A debate is raging over the cost of drugs in the United States and around the world.

For at least three billion people in India and China, drug costs are determined by the manufacturing price, plus a modest market profit for suppliers and pharmaceutical wholesalers and retailers. Not so in the more “regulated markets” of North America and Europe.

One example I have described in detail is the cost of a two-drug, three-month curative therapy for hepatitis C, which is about $80,000 in the United States and $45 (no zeros missing) in Egypt and India. At that cost, the government of Egypt, until recently the country with the highest per capita burden of chronic hepatitis C, eliminated the disease from the entire population in less than a year. Meanwhile many hepatitis C patients in the US continue to suffer from this life-threatening disease as a consequence of the high cost of treatment.

Now comes the hope for what might be life-saving treatments for Covid-19: new antiviral drugs. Combined with vaccines, these drugs have the potential to end the pandemic. The hope is that upon exposure, popping a pill for several days will either prevent infection altogether—once vaccine protection has waned—or in those infected, prevent disease. Merck/Ridgeback’s molnupiravir is the first of what will be a mini-flood of such drugs over the next several years. The next question is, at what cost?

My own investigation of multiple India suppliers puts the manufacturing cost of the raw material for molnupiravir, the active pharmaceutical ingredient (API), at about $2.50 dollars a treatment. The total price per treatment in the non-regulated markets will be no more than $20, factoring in the cost of manufacturing the pill, and a modest profit for all the intermediaries between the manufacturer and the patient. That is 35 times less than the Merck/Ridgeback government price, which is about $700.

The companies will undoubtedly argue that their price covers the costs of discovery and development—that without extraordinary profit margins of 95% or greater there would be no incentive to develop new drugs. Molnupiravir was discovered at a US university supported by federal research dollars. The plan is for it to be purchased by federal funds, at least initially.

Let’s make a reasonable cost projection.

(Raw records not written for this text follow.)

(* Let $k\ge 2$ be an integer. For every positive integer $n$, deterministically (for every realization), the random $k$-tree $G(n)$ has clustering coefficient at least $1/2$.
   Context: Random $k$-tree process: $G(0)$ is a clique on $k$ vertices; for $t\ge1$, $G(t)$ is obtained from $G(t-1)$ by choosing a $k$-clique of $G(t-1)$ uniformly at random, creating a new vertex, and joining it to all vertices of the chosen clique. The clustering coefficient of a graph $G$ is $cc(G)=\frac{1}{|V(G)|}\sum_{u\in V(G)}\frac{|\langle N(u)\rangle|}{\binom{\deg(u)}{2}}$, where $|\langle N(u)\rangle|$ is the number of edges $xy$ with both $x,y$ neighbors of $u$. *)

From mathcomp Require Import all_boot all_order all_algebra.
Set Implicit Arguments. Unset Strict Implicit. Unset Printing Implicit Defensive.
Import Order.TTheory GRing.Theory Num.Theory.

(* A realization of the random k-tree process is encoded by the sequence of
   chosen cliques C : nat -> seq nat, where C t (t >= 1) is the k-clique of
   G(t-1) chosen at step t.  Vertices of G(t) are 0, ..., k+t-1; the vertices
   0..k-1 form the initial clique G(0), and vertex k+t-1 is the vertex created
   at step t, joined to every vertex of C t. *)

Definition ktree_adj (k : nat) (C : nat -> seq nat) (t : nat) : rel nat :=
  fun x y =>
    [&& x < k + t, y < k + t, x != y &
     [|| (x < k) && (y < k),
         [&& k <= x, y < x & y \in C (x - k).+1] |
         [&& k <= y, x < y & x \in C (y - k).+1] ]].

Definition is_kclique (k : nat) (C : nat -> seq nat) (t : nat) (S : seq nat) : Prop :=
  [/\ uniq S, size S = k, all (fun x => x < k + t) S &
      forall x y, x \in S -> y \in S -> x != y -> ktree_adj k C t x y].

Definition valid_realization (k : nat) (C : nat -> seq nat) (n : nat) : Prop :=
  forall t, 1 <= t <= n -> is_kclique k C t.-1 (C t).

(* Clustering coefficient of a graph on vertex set {0,...,N-1} with
   (symmetric) adjacency relation e:
   cc = 1/N * sum_u |<N(u)>| / binom(deg u, 2).
   (Division by 0 yields 0 in MathComp; it never occurs in k-trees, k>=2.) *)
Definition nbr_edges (N : nat) (e : rel nat) (u : 'I_N) : nat :=
  #|[set p : 'I_N * 'I_N |
       [&& (p.1 < p.2)%N, e u p.1, e u p.2 & e p.1 p.2]]|.

Definition degree (N : nat) (e : rel nat) (u : 'I_N) : nat :=
  #|[set v : 'I_N | e u v]|.

Definition clustering_coeff (N : nat) (e : rel nat) : rat :=
  (N%:R)^-1 * \sum_(u < N) ((nbr_edges e u)%:R / ('C(degree e u, 2))%:R).

From mathcomp Require Import all_boot all_order all_algebra zify ring lra.
Set Implicit Arguments. Unset Strict Implicit. Unset Printing Implicit Defensive.
Import Order.TTheory GRing.Theory Num.Theory.

(* After the first step every vertex u of the k-tree has degree at least k, and
   its neighbourhood spans at least (k-1) deg u - C(k,2) edges: a new vertex
   starts with degree k and a k-clique as neighbourhood, and every later step
   that attaches to u raises deg u by 1 and the edge count by k-1.  This gives
   the local bound |<N(u)>| / C(deg u, 2) >= 1 - deg u / 4k, and since the
   degrees sum to k(k-1) + 2kn <= 2k(k+n), averaging over the k+n vertices
   yields cc >= 1/2. *)

Lemma leq_b2n (a b : bool) : (a -> b) -> (a : nat) <= b.
Proof. by case: a; case: b => // /(_ isT). Qed.

Lemma leq_b2n_add (a b c : bool) : (a -> c) -> (b -> c) -> ~~ (a && b) ->
  (a : nat) + b <= c.
Proof. by case: a; case: b; case: c => // /(_ isT). Qed.

Lemma sum_mem_nat (M : nat) (S : seq nat) : uniq S -> all (fun x => x < M) S ->
  \sum_(0 <= x < M) (x \in S : nat) = size S.
Proof.
move=> uS /allP SM; rewrite -big_mkcond /= -big_filter sum1_size.
apply/perm_size/uniq_perm; rewrite ?filter_uniq ?iota_uniq // => x.
by rewrite mem_filter mem_iota /= subn0; case xS: (x \in S); rewrite // SM.
Qed.

Lemma sum_eq_nat (M w : nat) : w < M -> \sum_(0 <= x < M) (x == w : nat) = 1.
Proof.
move=> wM; rewrite -[RHS](@sum_mem_nat M [:: w]) /= ?wM //.
by apply: eq_bigr => x _; rewrite mem_seq1.
Qed.

Lemma sum_pairs_bin2 (M : nat) (P : pred nat) :
  \sum_(0 <= x < M) \sum_(0 <= y < M) ([&& x < y, P x & P y] : nat)
  = 'C(\sum_(0 <= x < M) (P x : nat), 2).
Proof.
elim: M => [|M IH]; first by rewrite !big_geq.
rewrite !big_nat_recr //=.
have -> : \sum_(0 <= y < M) ([&& M < y, P M & P y] : nat) = 0.
  by rewrite big_nat big1 // => y /andP [_ hy]; rewrite ltnNge (ltnW hy).
rewrite ltnn /= !addn0.
under eq_bigr => i _ do rewrite big_nat_recr //=.
rewrite big_split /= IH.
have -> : \sum_(0 <= i < M) ([&& i < M, P i & P M] : nat)
        = P M * \sum_(0 <= i < M) (P i : nat).
  rewrite big_distrr /= big_nat [RHS]big_nat; apply: eq_bigr => i /andP [_ hi].
  by rewrite hi /=; case: (P i); case: (P M).
by case: (P M); rewrite ?mul1n ?mul0n ?addn0 // addn1 binS bin1.
Qed.

Lemma bin2_mul2 n : 'C(n, 2) * 2 = n * n.-1.
Proof. by rewrite bin2 muln2 halfK oddM; case: n => //= n; rewrite andNb subn0. Qed.

Lemma degree_sum (N : nat) (e : rel nat) (u : 'I_N) :
  degree e u = \sum_(0 <= v < N) (e u v : nat).
Proof.
rewrite /degree big_mkord -sum1dep_card big_mkcond /=.
by apply: eq_bigr => v _; case: (e u v).
Qed.

Lemma nbr_edges_sum (N : nat) (e : rel nat) (u : 'I_N) :
  nbr_edges e u = \sum_(0 <= x < N) \sum_(0 <= y < N)
    ([&& x < y, e u x, e u y & e x y] : nat).
Proof.
rewrite /nbr_edges -sum1dep_card big_mkcond /= big_mkord.
under [RHS]eq_bigr => x _ do rewrite big_mkord.
by rewrite pair_bigA /=; apply: eq_bigr => p _; case: (_ && _).
Qed.

Section RandomKTree.

Variables (k : nat) (C : nat -> seq nat) (n : nat).
Hypothesis hC : valid_realization k C n.

Local Notation adj t := (ktree_adj k C t).

Definition deg t u := \sum_(0 <= v < k + n) (adj t u v : nat).

Definition link t u := \sum_(0 <= x < k + n) \sum_(0 <= y < k + n)
  ([&& x < y, adj t u x, adj t u y & adj t x y] : nat).

Lemma adj_lt t x y : adj t x y -> (x < k + t) && (y < k + t).
Proof. by case/and4P => -> ->. Qed.

Lemma adj0 u v : adj 0 u v = [&& u < k, v < k & u != v].
Proof. by rewrite /ktree_adj addn0; case: (u < k); case: (v < k); rewrite //= andbT. Qed.

Section Step.

Variable t : nat.
Hypothesis ltn_t : t < n.

Lemma clique_step : [/\ uniq (C t.+1), size (C t.+1) = k,
  {in C t.+1, forall z, z < k + t} &
  {in C t.+1 &, forall x y, x != y -> adj t x y}].
Proof.
have [uS szS /allP aS cl] := hC (ltn_t : 0 < t.+1 <= n).
by split.
Qed.

Lemma clique_in_range : all (fun x => x < k + n) (C t.+1).
Proof. by have [_ _ lt_S _] := clique_step; apply/allP => z /lt_S; lia. Qed.

Lemma new_vertex_notin : (k + t \in C t.+1) = false.
Proof.
have [_ _ lt_S _] := clique_step.
by apply/negbTE/negP => /lt_S; rewrite ltnn.
Qed.

Lemma adj_step x y : adj t.+1 x y =
  [|| adj t x y, (x == k + t) && (y \in C t.+1) | (y == k + t) && (x \in C t.+1)].
Proof.
have [_ _ lt_S _] := clique_step; rewrite /ktree_adj addnS.
have hk : (k + t < k) = false by rewrite ltnNge leq_addr.
have [hx|hx|->] := ltngtP x (k + t); have [hy|hy|->] := ltngtP y (k + t).
- by rewrite !ltnS (ltnW hx) (ltnW hy) /= !orbF.
- by rewrite (ltnS y) (leqNgt y) hy /= !andbF.
- by rewrite ltnS (ltnW hx) (ltn_eqF hx) hx addKn leq_addr hk
    (ltnNge (k + t) x) (ltnW hx) /= !andbF /= ltnSn.
- by rewrite (ltnS x) (leqNgt x) hx.
- by rewrite (ltnS x) (leqNgt x) hx.
- rewrite (ltnS x) (leqNgt x) hx.
  by case: (x \in _) (@lt_S x) => // /(_ isT); rewrite ltnNge (ltnW hx).
- by rewrite ltnSn (ltnS y) (ltnW hy) hk addKn leq_addr /= !andbF /= orbF.
- rewrite (ltnS y) (leqNgt y) hy /= !andbF /= orbF.
  by case: (y \in _) (@lt_S y) => // /(_ isT); rewrite ltnNge (ltnW hy).
- by rewrite new_vertex_notin /= !andbF.
Qed.

Lemma adj_succ x y : adj t x y -> adj t.+1 x y.
Proof. by move=> h; rewrite adj_step h. Qed.

Lemma deg_step u : deg t.+1 u = deg t u + (u == k + t) * k + (u \in C t.+1).
Proof.
have [uS szS _ _] := clique_step.
transitivity (\sum_(0 <= v < k + n) ((adj t u v : nat)
   + (u == k + t) * (v \in C t.+1) + (v == k + t) * (u \in C t.+1))).
  apply: eq_bigr => v _; rewrite adj_step.
  case h: (adj t u v).
    by have /andP [hu hv] := adj_lt h; rewrite (ltn_eqF hu) (ltn_eqF hv).
  case: (eqVneq u (k + t)) => [->|hu]; case: (eqVneq v (k + t)) => [->|hv];
    rewrite ?new_vertex_notin ?eqxx ?(negbTE hu) ?(negbTE hv) /= ?andbF ?orbF;
    by case: (_ \in C t.+1).
rewrite !big_split /= -big_distrr -big_distrl /=.
by rewrite (sum_mem_nat uS clique_in_range) szS sum_eq_nat ?mul1n //; lia.
Qed.

Lemma link_succ u : link t u <= link t.+1 u.
Proof.
apply: leq_sum => x _; apply: leq_sum => y _; apply: leq_b2n.
by case/and4P => -> /adj_succ -> /adj_succ -> /adj_succ ->.
Qed.

Lemma link_step u : u \in C t.+1 -> link t u + k.-1 <= link t.+1 u.
Proof.
move=> uS; have [uniqS szS lt_S cl] := clique_step.
have RM : all (fun x => x < k + n) (rem u (C t.+1)).
  by apply/allP => z /mem_rem /lt_S; lia.
rewrite -[in k.-1]szS -(size_rem uS) -(sum_mem_nat (rem_uniq u uniqS) RM).
have -> : \sum_(0 <= x < k + n) (x \in rem u (C t.+1) : nat)
   = \sum_(0 <= x < k + n) \sum_(0 <= y < k + n)
       (((y == k + t) && (x \in rem u (C t.+1))) : nat).
  apply: eq_bigr => x _; under eq_bigr => y _ do rewrite -mulnb.
  by rewrite -big_distrl /= sum_eq_nat ?mul1n //; lia.
rewrite /link -big_split /=; apply: leq_sum => x _.
rewrite -big_split /=; apply: leq_sum => y _; apply: leq_b2n_add.
- by case/and4P => -> /adj_succ -> /adj_succ -> /adj_succ ->.
- case/andP => /eqP -> /[dup] /mem_rem xS.
  rewrite (mem_rem_uniq _ uniqS) => /andP [xu _].
  by rewrite (lt_S _ xS) !adj_step eqxx uS xS !orbT andbT cl // eq_sym.
- apply/negP => /andP [/and4P [_ _ h _] /andP [/eqP hy _]].
  by move: (adj_lt h); rewrite hy ltnn andbF.
Qed.

Lemma link_new_vertex : 'C(k, 2) <= link t.+1 (k + t).
Proof.
have [uniqS szS _ cl] := clique_step.
rewrite -[in 'C(k, 2)]szS -(sum_mem_nat uniqS clique_in_range) -sum_pairs_bin2.
apply: leq_sum => x _; apply: leq_sum => y _; apply: leq_b2n.
case/and3P => xy xS yS.
by rewrite xy !adj_step eqxx xS yS /= !orbT cl // ltn_eqF.
Qed.

End Step.

Lemma adj0_mem u v : u < k -> adj 0 u v = (v \in rem u (iota 0 k)).
Proof.
move=> hu; rewrite adj0 (mem_rem_uniq _ (iota_uniq 0 k)) !inE mem_iota.
by rewrite hu add0n /= andbC eq_sym.
Qed.

Lemma deg0 u : u < k -> deg 0 u = k.-1.
Proof.
move=> hu; rewrite /deg; under eq_bigr => v _ do rewrite adj0_mem //.
rewrite sum_mem_nat ?rem_uniq ?iota_uniq ?size_rem ?mem_iota ?size_iota //.
by apply/allP => z /mem_rem; rewrite mem_iota; lia.
Qed.

Lemma link0 u : u < k -> 'C(k.-1, 2) <= link 0 u.
Proof.
move=> hu; rewrite -(deg0 hu) /deg -sum_pairs_bin2.
apply: leq_sum => x _; apply: leq_sum => y _; apply: leq_b2n.
by case/and3P=> xy ux uy; rewrite xy ux uy adj0 (ltn_eqF xy); move: ux uy; rewrite !adj0; lia.
Qed.

Lemma deg_out t u : k + t <= u -> deg t u = 0.
Proof.
move=> hu; rewrite /deg big1 // => v _.
by case h: (adj t u v) => //; move: (adj_lt h); rewrite ltnNge hu.
Qed.

Lemma first_clique u : 0 < n -> u < k -> u \in C 1.
Proof.
move=> hn hu; have [uS szS lt_S _] := clique_step hn.
have sub : {subset C 1 <= iota 0 k} by move=> z /lt_S; rewrite mem_iota addn0.
have [|_ ->] := uniq_min_size uS sub; first by rewrite size_iota szS.
by rewrite mem_iota.
Qed.

Lemma deg_lb t u : 0 < t <= n -> u < k + t -> k <= deg t u.
Proof.
elim: t u => [|t IH] u // /andP [_ ltn_t] hu.
rewrite deg_step //; case: (ltngtP u (k + t)) => [hlt|hgt|->]; last first.
- by rewrite deg_out // new_vertex_notin // mul1n add0n addn0.
- lia.
case: t IH ltn_t hu hlt => [|t] IH ltn_t hu hlt.
  by rewrite addn0 in hlt; rewrite deg0 // first_clique //; lia.
by have := IH u (ltnW ltn_t) hlt; lia.
Qed.

Lemma link_lb t u : t <= n -> u < k + t -> k.-1 * deg t u <= link t u + 'C(k, 2).
Proof.
elim: t u => [|t IH] u tn hu.
  rewrite addn0 in hu; rewrite deg0 //.
  by have := bin2_mul2 k; have := bin2_mul2 k.-1; have := link0 hu; nia.
rewrite deg_step //; case: (ltngtP u (k + t)) => [hlt|hgt|->]; last first.
- rewrite deg_out // new_vertex_notin // mul1n add0n addn0.
  by have := link_new_vertex tn; have := bin2_mul2 k; nia.
- lia.
have := IH u (ltnW tn) hlt; rewrite mul0n addn0.
case uS: (u \in C t.+1).
- by have := link_step tn uS; lia.
- by have := link_succ tn u; lia.
Qed.

Lemma sum_deg t : t <= n -> \sum_(0 <= u < k + n) deg t u = k * k.-1 + 2 * k * t.
Proof.
elim: t => [_|t IH tn].
  transitivity (\sum_(0 <= u < k + n) (u \in iota 0 k) * k.-1).
    apply: eq_bigr => u _; rewrite mem_iota add0n /=.
    by case: (ltnP u k) => hu; [rewrite deg0 ?mul1n | rewrite deg_out ?mul0n // addn0].
  rewrite -big_distrl /= sum_mem_nat ?iota_uniq ?size_iota ?muln0 ?addn0 //.
  by apply/allP => z; rewrite mem_iota; lia.
have [uS szS _ _] := clique_step tn.
under eq_bigr => u _ do rewrite deg_step //.
rewrite !big_split /= IH 1?ltnW // -big_distrl /= sum_eq_nat; last by lia.
by rewrite sum_mem_nat ?szS ?clique_in_range //; lia.
Qed.

End RandomKTree.

Section RealBounds.

Local Open Scope ring_scope.

Lemma local_cc_lb (R : realFieldType) (k D E : nat) : (2 <= k)%N -> (k <= D)%N ->
  (k.-1 * D <= E + 'C(k, 2))%N -> 1 - D%:R / (4 * k)%:R <= E%:R / 'C(D, 2)%:R :> R.
Proof.
move=> k2 kD hE.
have pred_natr m : (0 < m)%N -> m.-1%:R = m%:R - 1 :> R.
  by case: m => // m _; rewrite -natr1 addrK.
have D1 := pred_natr D (leq_trans (ltnW k2) kD).
have k1 := pred_natr k (ltnW k2).
have hb : 'C(D, 2)%:R * 2 = D%:R * (D%:R - 1) :> R.
  by rewrite -D1 -!natrM bin2_mul2.
have hkk : 'C(k, 2)%:R * 2 = k%:R * (k%:R - 1) :> R.
  by rewrite -k1 -!natrM bin2_mul2.
have hb0 : 0 < 'C(D, 2)%:R :> R by rewrite ltr0n bin_gt0; lia.
move: k2 kD hE; rewrite -!(ler_nat R) natrD !natrM k1.
set b := 'C(D, 2)%:R in hb hb0 *; set d := D%:R in D1 hb *.
set c := 'C(k, 2)%:R in hkk *; set r := k%:R in k1 hkk *; set e := E%:R.
move=> k2 kD hE.
have key : (4 * r - d) * b <= 4 * r * e.
  (* 4r(r-1)(2d-r) - (4r-d)d(d-1) = (d-1)(d-2r)^2 + 4r(d-r)(r-2) *)
  have h1 : 0 <= (d - 1) * (d - 2 * r) ^+ 2 by rewrite mulr_ge0 ?sqr_ge0 //; lra.
  have h2 : 0 <= r * (d - r) * (r - 2) by rewrite !mulr_ge0 //; lra.
  nra.
rewrite -subr_ge0.
have -> : e / b - (1 - d / (4 * r)) = (4 * r * e - (4 * r - d) * b) / (4 * r * b).
  by field; rewrite !gt_eqF //; lra.
by rewrite divr_ge0 ?subr_ge0 // ltW // !mulr_gt0 //; lra.
Qed.

Lemma mean_ge_half (R : realFieldType) (N : nat) (K : R) (f g : 'I_N -> R) :
  (0 < N)%N -> 0 < K -> (forall u, 1 - g u / K <= f u) ->
  \sum_u g u <= K * N%:R / 2 -> 1 / 2 <= N%:R^-1 * \sum_u f u.
Proof.
move=> hN hK hfg hg.
have hN0 : 0 < N%:R :> R by rewrite ltr0n.
have lb_f : N%:R - (\sum_u g u) / K <= \sum_u f u.
  have -> : N%:R = \sum_(u < N) (1 : R) by rewrite sumr_const card_ord.
  by rewrite mulr_suml -sumrB; apply: ler_sum.
have ub_g : (\sum_u g u) / K <= N%:R / 2 by rewrite ler_pdivrMr // mulrC mulrA.
by rewrite ler_pdivlMl //; lra.
Qed.

End RealBounds.

Theorem proposition4 (k : nat) (hk : 2 <= k) (C : nat -> seq nat) (n : nat)
  (hn : 0 < n) (hC : valid_realization k C n) :
  (1 / 2 <= clustering_coeff (k + n) (ktree_adj k C n))%R.
Proof.
apply: (mean_ge_half (K := (4 * k)%:R%R) (g := fun u => (deg k C n n u)%:R%R)).
- by rewrite addn_gt0 hn orbT.
- by rewrite ltr0n muln_gt0 (ltnW hk).
- move=> u; rewrite degree_sum nbr_edges_sum.
  have ltu := ltn_ord u.
  apply: local_cc_lb => //.
  - by apply: (deg_lb hC) ltu; rewrite hn leqnn.
  - exact: (link_lb hC).
- rewrite -natr_sum -(big_mkord xpredT (deg k C n n)) sum_deg //.
  by rewrite ler_pdivlMr // -!natrM ler_nat; nia.
Qed.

Treating 100 million Americans over the next two or three years with a $700 drug would cost taxpayers $700 billion, but only $2 billion at $20. Which begs the question whether we will we once again price gouge our citizens while depriving them of life-saving medicines to control a pandemic that has ravaged our lives, jobs, and our economy while other countries benefit from our investments.

Beyond the action cost of the drugs themselves, one dangerous toll we may be forced to pay for the use of this drug is the creation of more viral variants. Molnupiravir, much like SARS-CoV-2 itself, is a literal shape-shifter, stopping viral replication through a process called lethal mutagenisis.

First the drug tricks SARS-CoV-2 into using it to replicate. Then, once the replication process is underway, molnupiravir inserts errors into the virus’ genetic code. Called a tautomer, the drug assumes two forms, one which closely resembles uracil (U) and the other cytosine (C). Once it is recopied, the replicating polymerase develops transition mutations, where a U nucleotide is converted to a C and a C to U. That’s the drug’s second trick. When you have enough of those copying errors you essentially kill the virus, stopping replication, shortening the length of a person’s infection, and limiting onward transmission. 

The problem is that suboptimal concentrations of the drug could also supercharge the creation of viral variants, introducing a wealth of mutations that aren’t quite enough to stop replication but are enough to drastically change how SARS-CoV-2 operates, either its transmissibility, stability or virulence. While we consider the monetary costs of the drug, we cannot overlook the evolutionary costs of introducing such a powerful mutagen into our Covid-19 environment. The FDA should ensure the safety of the drug before approval, and insist on a full accounting of all data on the drug’s potential to supercharge viral variants.

The possibility of a new drug to ward off the most serious symptoms of Covid-19 is welcome news indeed, but we still must question whether the financial cost and the risk of new variants is a price we’re willing to pay.